The company will now triple its investment into Bud Light over the summer, he said. More funds would be given to frontline workers such as delivery drivers and distribution company workers.

Some analysts have publicly questioned Anheuser-Busch’s decision to partner with Mulvaney, suggesting that the company was out of touch with its consumer base.

Robert Lachky, the former chief creative officer at Anheuser-Busch, told the St. Louis Post-Dispatch that Bud Light using a transgender influencer was a major mistake.
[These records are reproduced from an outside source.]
(* Let $\overline{\mathcal R}_{Moon}$ be the function obtained from the lunar disturbing function expansion $$\mathcal R_k=\sum_{l\ge 2}\sum_{m,p,s,q=0}^{l}\sum_{j,r\in\mathbb Z}(-1)^{m+s}(-1)^{[m/2]}\frac{\mathcal G m_k\,\epsilon_m\epsilon_s}{2a_k}\frac{(l-s)!}{(l+m)!}\left(\frac{a}{a_k}\right)^{l}F_{lmp}(I)F_{lsq}(I_k)H_{lpj}(e)G_{lqr}(e_k)$$ $$\times\Big\{(-1)^{k_2}U_l^{m,-s}\cos\big(\bar\theta_{lmpj}+\bar\theta'_{lsqr}-y_s\pi\big)+(-1)^{k_3}U_l^{m,s}\cos\big(\bar\theta_{lmpj}-\bar\theta'_{lsqr}-y_s\pi\big)\Big\}$$ by keeping only the terms with $l=2$ and averaging over the mean anomalies $M$ of the point mass and $M_k$ of the Moon (i.e. keeping only the terms with $l-2p+j=0$ and $l-2q+r=0$). Let $\overline{\mathcal R}_{Sun}$ be obtained in the same way from the solar expansion $$\mathcal R^{*}=\mathcal G m^{*}\sum_{l\ge 2}\sum_{m=0}^{l}\sum_{p=0}^{l}\sum_{h=0}^{l}\sum_{q,j\in\mathbb Z}\frac{a^{l}}{(a^{*})^{l+1}}\epsilon_m\frac{(l-m)!}{(l+m)!}F_{lmp}(I)F_{lmh}(I^{*})H_{lpq}(e)G_{lhj}(e^{*})\cos\varphi_{lmphqj},$$ $$\varphi_{lmphqj}=(l-2p)\omega+(l-2p+q)M-(l-2h)\omega^{*}-(l-2h+j)M^{*}+m(\Omega-\Omega^{*}),$$ by keeping only the terms with $l=2$ and averaging over $M$ and $M^{*}$ (i.e. keeping only terms with $l-2p+q=0$ and $l-2h+j=0$). Then $\overline{\mathcal R}_{Moon}$ does not depend on the argument of perigee $\omega_k$ of the Moon, and $\overline{\mathcal R}_{Sun}$ does not depend on the argument of perigee $\omega^{*}$ of the Sun.
   Context: $a,e,I,\omega,\Omega,M$ are the orbital elements (semi-major axis, eccentricity, inclination, argument of perigee, longitude of ascending node, mean anomaly) of an Earth-orbiting point mass referred to the celestial equator; $a_k,e_k,I_k,\omega_k,\Omega_k,M_k$ are the Moon's elements referred to the ecliptic, $m_k$ its mass; $a^*,e^*,I^*,\omega^*,\Omega^*,M^*$ are the Sun's elements referred to the celestial equator, $m^*$ its mass; $\mathcal G$ is the gravitational constant; $\varepsilon$ is the obliquity of the ecliptic. $\epsilon_m=1$ if $m=0$, $\epsilon_m=2$ otherwise. $\bar\theta_{lmpj}=(l-2p)\omega+(l-2p+j)M+m\Omega$, $\bar\theta'_{lsqr}=(l-2q)\omega_k+(l-2q+r)M_k+s(\Omega_k-\pi/2)$; $y_s=0$ for $s$ even, $1/2$ for $s$ odd; $t=(l-1)\bmod 2$, $k_2=t(m+s-1)+1$, $k_3=t(m+s)$; $U_l^{m,s}=\sum_{r=\max(0,-(m+s))}^{\min(l-s,l-m)}(-1)^{l-m-r}\binom{l+m}{m+s+r}\binom{l-m}{r}\cos^{m+s+2r}(\varepsilon/2)\sin^{-m-s+2(l-r)}(\varepsilon/2)$. Hansen coefficients $X_k^{n,m}(e)$ are defined by $(r/a)^n e^{imf}=\sum_{k\in\mathbb Z}X_k^{n,m}(e)e^{ikM}$ ($f$ true anomaly); $H_{lpj}(e)=X^{l,l-2p}_{l-2p+j}(e)$, $G_{lqr}(e')=X^{-(l+1),l-2q}_{l-2q+r}(e')$. $F_{lmp}(I)$ is Kaula's inclination function $F_{lmp}(I)=\sum_{t=0}^{\min\{p,[\frac{l-m}{2}]\}}\frac{(2l-2t)!}{t!(l-t)!(l-m-2t)!2^{2l-2t}}\sin^{l-m-2t}I\sum_{s=0}^{m}\binom{m}{s}\cos^{s}I\sum_{c}\binom{l-m-2t+s}{c}\binom{m-s}{p-t-c}(-1)^{c-[\frac{l-m}{2}]}$, with $[\cdot]$ the integer part and $c$ over all values making the binomials nonzero. *)

From Stdlib Require Import Reals ZArith List ClassicalEpsilon.
From Coquelicot Require Import Coquelicot.
Import ListNotations.
Open Scope R_scope.
Lemma plane_scaled k a1 a2 a3 : \dim (plane (k * a1) (k * a2) (k * a3)) = 2%N ->
  plane (k * a1) (k * a2) (k * a3) = plane a1 a2 a3.
Proof.
move=> dim2; apply/esym/eqP; rewrite eqEdim dim2 (dim_annih _ : (3 - 1 <= _)%N) andbT.
apply/subvP => x; have [y1 [y2 [y3 ->]]] := idem_row_onto x.
by rewrite !mem_plane => /eqP sum0; apply/eqP; rewrite -(mulr0 k) -sum0; ring.
Qed.

Lemma subalg_planeP a1 a2 a3 : A4subalg (plane a1 a2 a3) <->
  (forall y1 y2 y3 z1 z2 z3,
     a1 * y1 + a2 * y2 + a3 * y3 = 0 -> a1 * z1 + a2 * z2 + a3 * z3 = 0 ->
     a1 * (y1 * z1) + a2 * (y2 * z2) + a3 * (y3 * z3) = 0).
Proof.
split=> [subP y1 y2 y3 z1 z2 z3 /eqP y_in /eqP z_in | closed x x'].
  by apply/eqP; rewrite -mem_plane -A4mul_idem; apply: subP; rewrite mem_plane.
have [y1 [y2 [y3 ->]]] := idem_row_onto x; have [z1 [z2 [z3 ->]]] := idem_row_onto x'.
by rewrite A4mul_idem !mem_plane => /eqP y_in /eqP z_in; apply/eqP/closed.
Qed.

Lemma subalg_plane_rel a1 a2 a3 : A4subalg (plane a1 a2 a3) ->
  [/\ a1 * a2 * (a1 + a2) = 0, a1 * a3 * (a1 + a3) = 0 & a2 * a3 * (a2 + a3) = 0].
Proof.
move/subalg_planeP => closed; split.
- by rewrite -(closed a2 (- a1) 0 a2 (- a1) 0); ring.
- by rewrite -(closed a3 0 (- a1) a3 0 (- a1)); ring.
- by rewrite -(closed 0 a3 (- a2) 0 a3 (- a2)); ring.
Qed.

Lemma span_pair_plane (x y : V) a1 a2 a3 (j : 'I_3) :
    [|| a1 != 0, a2 != 0 | a3 != 0] -> x 0 0 = 1 -> y 0 0 = 0 -> y 0 j = 1 ->
  x \in plane a1 a2 a3 -> y \in plane a1 a2 a3 -> span [:: x; y] = plane a1 a2 a3.
Proof.
move=> a_neq0 x0 y0 yj x_in y_in; apply: span_basis.
rewrite basisEfree dim_plane // (free_pair (j := 0)) ?x0 ?oner_eq0 //=.
  by apply/andP; split=> //; apply/span_subvP => _ /[!inE] /orP[]/eqP->.
by apply: contra_eq_neq yj => ->; rewrite mxE eq_sym oner_eq0.
Qed.

Local Ltac solve_span_plane :=
  rewrite ?A4e1_row3 ?A4e2_row3 ?A4e3_row3 ?(row3N, row3Z, row3D) /plane
    ?mem_annih_row3 ?mxE /= ?oner_eq0 ?oppr_eq0 ?orbT //;
  first [by apply/eqP; ring: (sqrCi C) | ring: (sqrCi C)].

Lemma span_e1_e2 : span [:: e1; e2] = plane 0 1 (-1).
Proof. by apply: (span_pair_plane (j := 1)); solve_span_plane. Qed.

Lemma span_e1_pi_e3_e2 : span [:: e1 + 'i *: e3; e2] = plane 0 0 1.
Proof. by apply: (span_pair_plane (j := 1)); solve_span_plane. Qed.
(* Let $\mathcal A$ be an abelian category, let $M$ be an object and let $0\to F\to N\to C\to 0$ be a fully invariant short exact sequence in $\mathcal A$. Then: (1) $N$ is (strongly) $M$-$F$-split if and only if for every direct summand $M_1$ of $M$ and every direct summand $N_1$ of $N$, $N_1$ is (strongly) $M_1$-$(F\cap N_1)$-split. (2) $N$ is dual (strongly) $M$-$F$-split if and only if for every direct summand $M_1$ of $M$ and every direct summand $N_1$ of $N$, $N/N_1$ is dual (strongly) $M/M_1$-$((F+N_1)/N_1)$-split.
   Context: Convention: each statement containing parenthetical words holds in two versions: one obtained by deleting all parenthetical words and one obtained by keeping all of them. Let $\mathcal A$ be an abelian category. A morphism $s:X\to Y$ is a section if $ts=1_X$ for some $t$, and a retraction if $st=1_Y$ for some $t$. A monomorphism $i:K\to M$ is fully invariant if for every morphism $h:M\to M$ there is $\alpha:K\to K$ with $hi=i\alpha$; an epimorphism $d:M\to C$ is fully coinvariant if for every $h:M\to M$ there is $\beta:C\to C$ with $dh=\beta d$. A short exact sequence $0\to F\xrightarrow{i}N\xrightarrow{d}C\to 0$ is fully invariant if $i$ is fully invariant (equivalently $d$ is fully coinvariant). (For a direct summand $N_1$ of $N$, the inclusion $F\cap N_1\to N_1$ is fully invariant and $(F+N_1)/N_1$ is a fully invariant subobject of $N/N_1$, so the notions below apply.) For an object $M$ and a fully invariant short exact sequence $0\to F\xrightarrow{i}N\xrightarrow{d}C\to 0$: $N$ is (strongly) $M$-$F$-split if for every morphism $g:M\to N$, $\ker(dg)$ (equivalently the morphism $P\to M$ in the pullback of $i$ along $g$) is a (fully invariant) section; $N$ is dual (strongly) $M$-$F$-split if for every morphism $g:N\to M$, $\mathrm{coker}(gi)$ (equivalently the morphism $M\to Q$ in the pushout of $d$ along $g$) is a (fully coinvariant) retraction. *)

Set Implicit Arguments.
He suggested that the corporate executives within Anheuser-Busch appear to be out of touch with the consumer base.

”The minute you step into the political or religious spectrum, when you know your target audience is going to have a real issue with this, you know you’ve alienated at least half of your target audience,” he said. ”In the end, people don’t like getting preached to, especially when it comes to drinking beer.”

Lachky noted: ”None of these marketing folks has ever been to a NASCAR race, none has been to a football game or a rodeo.”

“That’s insanity. That’s marketing incompetence,” he added.